# Derive identities for $\cos(4x)$ and $\sin(4x)$ using following fact

So I need to use the fact that: $$\cos(4x) + i\sin(4x) = \left(\cos(x) + i\sin(x)\right)^4$$ to derive identities for $\cos(4x)$ and $\sin(4x)$ in terms of $\cos(x)$ and $\sin(x)$. I'm not sure how to go about this, could I please get some help.

Try replacing $x$ by $-x$, and then adding the expressions. Using the fact that $\sin(-x) = -\sin(x)$ and that $\cos(-x) = \cos(x)$:
$$\cos(4x) + i \sin(4x) = \left(\cos(x) + i\sin(x)\right)^4$$ $$\cos(4x) - i \sin(4x) = \left(\cos(x) - i\sin(x)\right)^4$$ So: $$2\cos(4x) = \left(\cos(x) + i\sin(x)\right)^4 + \left(\cos(x) - i\sin(x)\right)^4$$ Can you take it from there?

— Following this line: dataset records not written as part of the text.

Lemma hull_weights_cross2 k p x lam d o :
  hull_weights k p x lam ->
  cross2 d (sub2 x o) = rsum k (fun i => lam i * cross2 d (sub2 (p i) o)).
Proof.
  intros [_ [Hs [Hx Hy]]].
  rewrite rsum_cross2_sub, Hs, <- Hx, <- Hy. unfold cross2, sub2; cbn [fst snd]. ring.
Qed.

Lemma in_hull2_halfplane k p x d o :
  in_hull2 k p x -> (forall i, (i < k)%nat -> 0 <= cross2 d (sub2 (p i) o)) ->
  0 <= cross2 d (sub2 x o).
Proof.
  intros [lam Hlam] Hp. rewrite (hull_weights_cross2 k p x lam d o Hlam).
  apply rsum_nonneg. intros i Hi. apply Rmult_le_pos; [apply Hlam|apply Hp]; exact Hi.
Qed.

Lemma hull_weights_on_boundary k p x lam d o :
  hull_weights k p x lam ->
  (forall i, (i < k)%nat -> 0 <= cross2 d (sub2 (p i) o)) -> cross2 d (sub2 x o) = 0 ->
  forall i, (i < k)%nat -> 0 < lam i -> cross2 d (sub2 (p i) o) = 0.
Proof.
  intros Hlam Hp Hx i Hi Hli.
  rewrite (hull_weights_cross2 k p x lam d o Hlam) in Hx.
  assert (Hterm : lam i * cross2 d (sub2 (p i) o) = 0).
  { apply (rsum_nonneg_eq0 k (fun i => lam i * cross2 d (sub2 (p i) o))); auto.
    intros j Hj. apply Rmult_le_pos; [apply Hlam|apply Hp]; exact Hj. }
  apply Rmult_integral in Hterm. destruct Hterm; [lra|assumption].
Qed.

Lemma in_hull2_generator k (p : nat -> pt2) j : (j < k)%nat -> in_hull2 k p (p j).
Proof.
  intros Hj. exists (fun i => if Nat.eqb i j then 1 else 0).
  assert (Hlt : Nat.ltb j k = true) by (apply Nat.ltb_lt; exact Hj).
  split; [intros i _; destruct (Nat.eqb i j); lra|].
  rewrite !rsum_indicator, Hlt. split; [|split; reflexivity].
  rewrite (rsum_ext k _ (fun i => (if Nat.eqb i j then 1 else 0) * 1)) by (intros; ring).
  rewrite rsum_indicator, Hlt. reflexivity.
Qed.

Lemma lines_meet_once u v o y :
  cross2 u (sub2 y o) = 0 -> cross2 v (sub2 y o) = 0 -> cross2 u v <> 0 -> y = o.
Proof.
  destruct u as [ux uy], v as [vx vy], y as [yx yy], o as [ox oy].
  unfold cross2, sub2; cbn [fst snd]. intros Hu Hv Huv.
  assert (Ex : (yx - ox) * (ux * vy - uy * vx) = 0).
  { replace ((yx - ox) * (ux * vy - uy * vx)) with
      (vx * (ux * (yy - oy) - uy * (yx - ox)) - ux * (vx * (yy - oy) - vy * (yx - ox))) by ring.
    rewrite Hu, Hv. ring. }
  assert (Ey : (yy - oy) * (ux * vy - uy * vx) = 0).
  { replace ((yy - oy) * (ux * vy - uy * vx)) with
      (vy * (ux * (yy - oy) - uy * (yx - ox)) - uy * (vx * (yy - oy) - vy * (yx - ox))) by ring.
    rewrite Hu, Hv. ring. }
  apply Rmult_integral in Ex, Ey.
  destruct Ex as [Ex|Ex]; [|contradiction]. destruct Ey as [Ey|Ey]; [|contradiction].
  f_equal; lra.
Qed.
Lemma chainS n : dyadic_chain n -> dyadic_chain n.+1.
Proof.
case=> oU UF cF FU top above bottom.
have shrinkS k : (k < 2 ^ n)%N -> shrinking (F n k) (U n k.+1) (level n.+1 k.*2.+1).
  by move=> k_lt; rewrite levelS_odd //; apply: shrink_spec (cF k k_lt) (oU _) (FU k).
split.
- move=> j; case: (dyadic_cases n j) =>
    [/levelS_above ->|[[k -> /levelS_double ->]|[k -> /shrinkS]]].
  + exact: Xn_open.
  + exact: oU.
  + by case.
- move=> j x; case: (dyadic_cases n j) =>
    [/levelS_above ->|[[k -> /levelS_double ->]|[k -> /shrinkS]]].
  + by [].
  + exact: UF.
  + by case=> _ _ _ VV' _; apply: VV'.
- move=> j j_lt; case: (dyadic_cases n j) => [j_gt|[[k j_eq k_le]|[k -> /shrinkS []//]]].
    by lia.
  by move: j_lt; rewrite j_eq expnS mul2n ltn_double levelS_double // => /cF.
- move=> j x; case: (dyadic_cases n j) => [j_gt|[[k -> k_le]|[k -> k_lt]]].
  + by rewrite !levelS_above // ltnW.
  + rewrite levelS_double //; case: (ltnP k (2 ^ n)) => [k_lt|k_ge].
      by case: (shrinkS k k_lt) => _ _ FV _ _; apply: FV.
    have k_top : k = (2 ^ n)%N by apply/eqP; rewrite eqn_leq k_le.
    have top_next : level n.+1 (2 ^ n).*2.+1 = full.
      by apply: levelS_above; rewrite expnS mul2n ltnSn.
    by rewrite k_top top top_next; case.
  + by case: (shrinkS k k_lt) => _ _ _ _ V'U /V'U; rewrite -levelS_double.
- by rewrite expnS mul2n levelS_double.
- by move=> j /levelS_above.
- by move=> x /bottom; rewrite -[0%N]/(0.*2)%N levelS_double.
Qed.

Lemma chain n : dyadic_chain n.
Proof. by elim: n => [|n /chainS]; [exact: chain0 |]. Qed.

Lemma level_double n k : level n.+1 k.*2 = level n k.
Proof.
case: (leqP k (2 ^ n)) => [/levelS_double //|k_gt].
by rewrite levelS_above ?(chain_above (chain n)) // expnS mul2n ltn_double.
Qed.
Fixpoint subst (sx sy : nat -> term K) (t : term K) : term K :=
  match t with
  | Xv i => sx i
  | Yv i => sy i
  | Zero => Zero
  | Add a b => Add (subst sx sy a) (subst sx sy b)
  | Scale c a => Scale c (subst sx sy a)
  | Mul a b => Mul (subst sx sy a) (subst sx sy b)
  end.

(* syntactically homogeneous terms: parity false = even, true = odd
   (parity of the number of y's) *)
Inductive homog : bool -> term K -> Prop :=
  | homog_X i : homog false (Xv i)
  | homog_Y i : homog true (Yv i)
  | homog_0 b : homog b Zero
  | homog_Add b t u : homog b t -> homog b u -> homog b (Add t u)
  | homog_Scale b c t : homog b t -> homog b (Scale c t)
  | homog_Mul b1 b2 t u : homog b1 t -> homog b2 u -> homog (b1 (+) b2) (Mul t u).

(* [cong G] is the congruence on terms generated by the axioms of (nonunital)
   K-algebras, the Jordan identities (commutativity and (a^2 b) a = a^2 (b a)),
   and  phi(g) = 0  for every g in G and every grading-preserving substitution
   phi (x_i |-> even element, y_i |-> odd element).  Hence the quotient by
   [cong (fun _ => False)] is the free Jordan algebra J(Z), and
   [cong G t Zero] says that (the class of) t lies in the T_2-ideal of J(Z)
   generated by G. *)
Inductive cong (G : term K -> Prop) : term K -> term K -> Prop :=
  | c_refl t : cong G t t
  | c_sym t u : cong G t u -> cong G u t
  | c_trans t u v : cong G t u -> cong G u v -> cong G t v
  | c_Add t t' u u' : cong G t t' -> cong G u u' -> cong G (Add t u) (Add t' u')
  | c_Scale c t t' : cong G t t' -> cong G (Scale c t) (Scale c t')
  | c_Mul t t' u u' : cong G t t' -> cong G u u' -> cong G (Mul t u) (Mul t' u')
  | c_addA t u v : cong G (Add t (Add u v)) (Add (Add t u) v)
  | c_addC t u : cong G (Add t u) (Add u t)
  | c_add0 t : cong G (Add Zero t) t
  | c_addN t : cong G (Add t (Scale (-1) t)) Zero
  | c_scale1 t : cong G (Scale 1 t) t
  | c_scaleA a b t : cong G (Scale a (Scale b t)) (Scale (a * b) t)
  | c_scaleDl a b t : cong G (Scale (a + b) t) (Add (Scale a t) (Scale b t))
  | c_scaleDr a t u : cong G (Scale a (Add t u)) (Add (Scale a t) (Scale a u))
  | c_mulDl t u v : cong G (Mul (Add t u) v) (Add (Mul t v) (Mul u v))
  | c_mulDr t u v : cong G (Mul t (Add u v)) (Add (Mul t u) (Mul t v))
  | c_mulZl a t u : cong G (Mul (Scale a t) u) (Scale a (Mul t u))
  | c_mulZr a t u : cong G (Mul t (Scale a u)) (Scale a (Mul t u))
  | c_mulC t u : cong G (Mul t u) (Mul u t)
  | c_jordan t u : cong G (Mul (Mul (Mul t t) u) t) (Mul (Mul t t) (Mul u t))
  | c_gen (sx sy : nat -> term K) g :
      (forall i, homog false (sx i)) -> (forall i, homog true (sy i)) ->
      G g -> cong G (subst sx sy g) Zero.

Definition inT2 (G : term K -> Prop) (t : term K) : Prop := cong G t Zero.

Variable m : nat.
Variable F : 'M[K]_m.

Definition bform (u v : 'rV[K]_m) : K := (u *m F *m v^T) 0 0.

Definition Bmul (p q : K * 'rV[K]_m) : K * 'rV[K]_m :=
  (p.1 * q.1 + bform p.2 q.2, p.1 *: q.2 + q.1 *: p.2).

Fixpoint evalB (al : nat -> K) (v : nat -> 'rV[K]_m) (t : term K)
  : K * 'rV[K]_m :=
  match t with
  | Xv i => (al i, 0)
  | Yv i => (0, v i)
  | Zero => (0, 0)
  | Add a b => (evalB al v a + evalB al v b)%R
  | Scale c a => ((c * (evalB al v a).1), c *: (evalB al v a).2)
  | Mul a b => Bmul (evalB al v a) (evalB al v b)
  end.

Definition Id2 (t : term K) : Prop := forall al v, evalB al v t = (0, 0).

(* T_(n+1) = det (y_a y_b)_{a,b=1}^{n+1}, written via the Leibniz formula
   (products left-normed; bracketing is immaterial in J(B_m)). *)
Definition Tterm (n : nat) : term K :=
  tsum [seq Scale ((-1) ^+ odd_perm s)
          (lprod (Mul (Yv 0) (Yv (s ord0)))
                 [seq Mul (Yv i) (Yv (s i)) | i : 'I_n.+1 <- behead (enum 'I_n.+1)])
       | s : {perm 'I_n.+1} <- enum {perm 'I_n.+1}].

(* S_(n+1) = sum_s (-1)^s y_{s(1)} (y_1 y_{s(2)}) ... (y_n y_{s(n+1)}) *)
Definition Sterm (n : nat) : term K :=
  tsum [seq Scale ((-1) ^+ odd_perm s)
          (lprod (Yv (s ord0))
                 [seq Mul (Yv i.-1) (Yv (s i)) | i : 'I_n.+1 <- behead (enum 'I_n.+1)])
       | s : {perm 'I_n.+1} <- enum {perm 'I_n.+1}].

Inductive btree : Type := BLeaf of term K | BNode of btree & btree.

Fixpoint frontier (b : btree) : seq (term K) :=
  match b with BLeaf t => [:: t] | BNode l r => frontier l ++ frontier r end.

Fixpoint bterm (b : btree) : term K :=
  match b with BLeaf t => t | BNode l r => Mul (bterm l) (bterm r) end.

(* The factors of  x_1^{k0} (S_m~)^{d_m} ... (S_1~)^{d_1} (T_m~)^{k_m} ... (T_1~)^{k_1}
   in order, omitting factors with zero exponent.  Index l : 'I_m stands for
   l+1; [dl = Some l] means delta_(l+1) = 1 (and all other deltas are 0),
   [dl = None] means all deltas are 0. *)
Definition Pfactors (Tt St : 'I_m -> term K)
    (k0 : nat) (dl : option 'I_m) (ks : 'I_m -> nat) : seq (term K) :=
  (if k0 is 0 then [::] else [:: tpow (Xv 0) k0]) ++
  (if dl is Some l then [:: St l] else [::]) ++
  flatten [seq (if ks l is 0 then [::] else [:: tpow (Tt l) (ks l)])
          | l <- rev (enum 'I_m)].

Definition inP (Tt St : 'I_m -> term K)
    (br : nat -> option 'I_m -> ('I_m -> nat) -> btree) (t : term K) : Prop :=
  exists k0 dl ks, Pfactors Tt St k0 dl ks <> [::] /\ t = bterm (br k0 dl ks).

End Terms.

(* Under the canonical evaluation, x_1 and every T_k take values in K = (B_m)_0,
   while an element of P has at most one factor (some S_l) that may take values
   in V.  On such products the multiplication of B_m is that of the commutative
   associative algebra K + V with V V = 0, so an element of P evaluates to its
   S-factor times a monomial in x_1 and the T_k.  Hence if the exponents of
   p, q in P have the same S-factor and those of q are dominated by those of p,
   then p - q x_1^a T_m^b_m ... T_1^b_1 (a, b the differences of exponents) is
   a graded identity, so p lies in the T_2-ideal generated by q and Id_2(B_m).
   Dickson's lemma on the exponent vectors then gives the finite subset. *)

From HB Require Import structures.
From mathcomp Require Import all_boot all_order all_algebra all_fingroup.
From mathcomp Require Import zify.
From Stdlib Require Import Classical.
From Stdlib Require List.
Import GRing.Theory.

Set Implicit Arguments.
Unset Strict Implicit.
Unset Printing Implicit Defensive.

Section FinitelyBased.
Variables (I : Type) (R : I -> I -> Prop).

Definition based_by (S : I -> Prop) (L : seq I) :=
  (forall x, List.In x L -> S x) /\ (forall y, S y -> exists2 z, List.In z L & R z y).

Definition finitely_based (S : I -> Prop) := exists L, based_by S L.

Lemma finitely_based_eq (S S' : I -> Prop) :
  finitely_based S -> (forall x, S x <-> S' x) -> finitely_based S'.
Proof.
move=> [L [LS Lcov]] eqS; exists L; split=> [x /LS /eqS // | y /eqS].
exact: Lcov.
Qed.

Lemma finitely_based_or (S1 S2 : I -> Prop) :
  finitely_based S1 -> finitely_based S2 -> finitely_based (fun x => S1 x \/ S2 x).
Proof.
move=> [L1 [L1S L1cov]] [L2 [L2S L2cov]]; exists (L1 ++ L2); split.
  by move=> x /(List.in_app_or L1 L2 x) [/L1S | /L2S]; [left | right].
move=> y [/L1cov [z zL Rzy] | /L2cov [z zL Rzy]]; exists z => //.
  by apply: List.in_or_app; left.
by apply: List.in_or_app; right.
Qed.

Lemma finitely_based_exists (A : finType) (P : A -> I -> Prop) :
  (forall a, finitely_based (P a)) -> finitely_based (fun x => exists a, P a x).
Proof.
move=> Pfb.
suff fb_seq (s : seq A) : finitely_based (fun x => exists2 a, a \in s & P a x).
  apply: (finitely_based_eq (fb_seq (enum A))) => x.
  by split=> [[a _ Pax] | [a Pax]]; exists a; rewrite ?mem_enum.
elim: s => [|a s IHs]; first by exists [::]; split=> // y [].
apply: (finitely_based_eq (finitely_based_or (Pfb a) IHs)) => x; split.
  case=> [Pax | [b bs Pbx]]; first by exists a; rewrite ?mem_head.
  by exists b; rewrite // inE bs orbT.
by case=> b; rewrite inE => /orP [/eqP -> | bs] Pbx; [left | right; exists b].
Qed.

Lemma finitely_based_nonempty (S : I -> Prop) :
  (forall x0, S x0 -> finitely_based S) -> finitely_based S.
Proof.
move=> fbS; have [[x0 /fbS //] | noS] := classic (exists x0, S x0).
by exists [::]; split=> // y Sy; case: noS; exists y.
Qed.

End FinitelyBased.

Lemma finitely_based_weaken (I : Type) (R R' : I -> I -> Prop) (S : I -> Prop) :
  (forall z y, S z -> S y -> R z y -> R' z y) ->
  finitely_based R S -> finitely_based R' S.
Proof.
move=> RR' [L [LS Lcov]]; exists L; split=> // y Sy.
by have [z zL Rzy] := Lcov y Sy; exists z; last exact: RR' (LS z zL) Sy Rzy.
Qed.

Definition dominated (I : Type) (n : nat) (enc : I -> 'I_n -> nat) (z y : I) :=
  forall i, enc z i <= enc y i.

Lemma dickson (I : Type) (n : nat) (enc : I -> 'I_n -> nat) (S : I -> Prop) :
  finitely_based (dominated enc) S.
Proof.
elim: n => [|n IHn] in enc S *; apply: finitely_based_nonempty => x0 Sx0.
  by exists [:: x0]; split=> [x [<-|] | y _] //; exists x0; [left | case].
(* An element of S not above x0 lies below x0 in some coordinate i; fixing the
   value c < x0_i of that coordinate leaves n free coordinates. *)
pose piece i (c : 'I_(enc x0 i)) y := S y /\ enc y i = c.
have fb_piece i c : finitely_based (dominated enc) (piece i c).
  apply: finitely_based_weaken (IHn (fun y j => enc y (lift i j)) _).
  move=> z y [_ zi] [_ yi] dom k; case: (unliftP i k) => [j -> | ->].
    exact: dom.
  by rewrite zi yi.
have fb_above : finitely_based (dominated enc) (fun y => S y /\ dominated enc x0 y).
  exists [:: x0]; split=> [x [<-|] // | y [_ dom]]; last by exists x0; [left |].
  by split=> // i.
apply: (finitely_based_eq (finitely_based_or fb_above
  (finitely_based_exists (fun i => finitely_based_exists (fb_piece i))))) => y.
split=> [[[] | [i [c []]]] // | Sy].
have [dom | /forallPn [i]] := boolP [forall i, enc x0 i <= enc y i].
  by left; split=> // i; apply/forallP: dom i.
by rewrite -ltnNge => lt; right; exists i, (Ordinal lt).
Qed.

Lemma dickson_tagged (A : finType) (I : Type) (n : nat) (tag : I -> A)
    (enc : I -> 'I_n -> nat) (S : I -> Prop) :
  finitely_based (fun z y => tag z = tag y /\ dominated enc z y) S.
Proof.
have fb_colour a : finitely_based (fun z y => tag z = tag y /\ dominated enc z y)
                    (fun x => S x /\ tag x = a).
  by apply: finitely_based_weaken (dickson enc _) => z y [_ ->] [_ ->].
apply: (finitely_based_eq (finitely_based_exists fb_colour)) => x.
by split=> [[a []] | Sx] //; exists (tag x).
Qed.

Local Open Scope ring_scope.

Section SquareZero.
Variables (K : fieldType) (m : nat).
Implicit Types p q r : K * 'rV[K]_m.

(* The product of the square-zero extension K + V; it agrees with that of B_m
   as soon as one factor lies in K (Bmul_dmul). *)
Definition dmul p q : K * 'rV[K]_m := (p.1 * q.1, p.1 *: q.2 + q.1 *: p.2).

Lemma dmulA : associative dmul.
Proof.
move=> p q r; congr (_, _); first by rewrite mulrA.
by rewrite !scalerDr !scalerA addrA [r.1 * p.1]mulrC [r.1 * q.1]mulrC.
Qed.

Lemma dmulC : commutative dmul.
Proof. by move=> p q; rewrite /dmul mulrC addrC. Qed.

Lemma dmul1 : left_id (1, 0) dmul.
Proof. by move=> p; rewrite /dmul /= mul1r scale1r scaler0 addr0; case: p. Qed.

HB.instance Definition _ :=
  Monoid.isComLaw.Build _ ((1 : K), (0 : 'rV[K]_m)) dmul dmulA dmulC dmul1.

Definition scalar p := p.2 == 0.

Lemma big_dmul_scalar (s : seq (K * 'rV[K]_m)) : count (predC scalar) s = 0%N ->
  \big[dmul/(1, 0)]_(p <- s) p = (\prod_(p <- s) p.1, 0).
Proof.
elim: s => [|p s IHs] /=; first by rewrite !big_nil.
rewrite !big_cons; case: p => a w; rewrite /scalar /=.
case: eqP => // -> /IHs ->.
by rewrite /dmul /= !scaler0 addr0.
Qed.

$$(\cos x +i \sin x)^4=\cos 4x+i \sin 4x$$ $$(\cos x +i \sin x)^4=\cos^4x+4\cos ^3x \cdot (i \sin x)+6\cos ^2x \cdot (i \sin x)^2+4\cos x \cdot (i \sin x)^3+(i \sin x)^4=$$ $$=\cos^4x-6 \cos ^2x \sin^2x+\sin^4x+$$ $$+i(4 \cos ^3 x \sin x-4\cos x\sin^3x)$$ Then $$\cos 4x=\cos^4x-6 \cos ^2x \sin^2x+\sin^4x$$ and $$\sin 4x=4 \cos ^3 x \sin x-4\cos x\sin^3x$$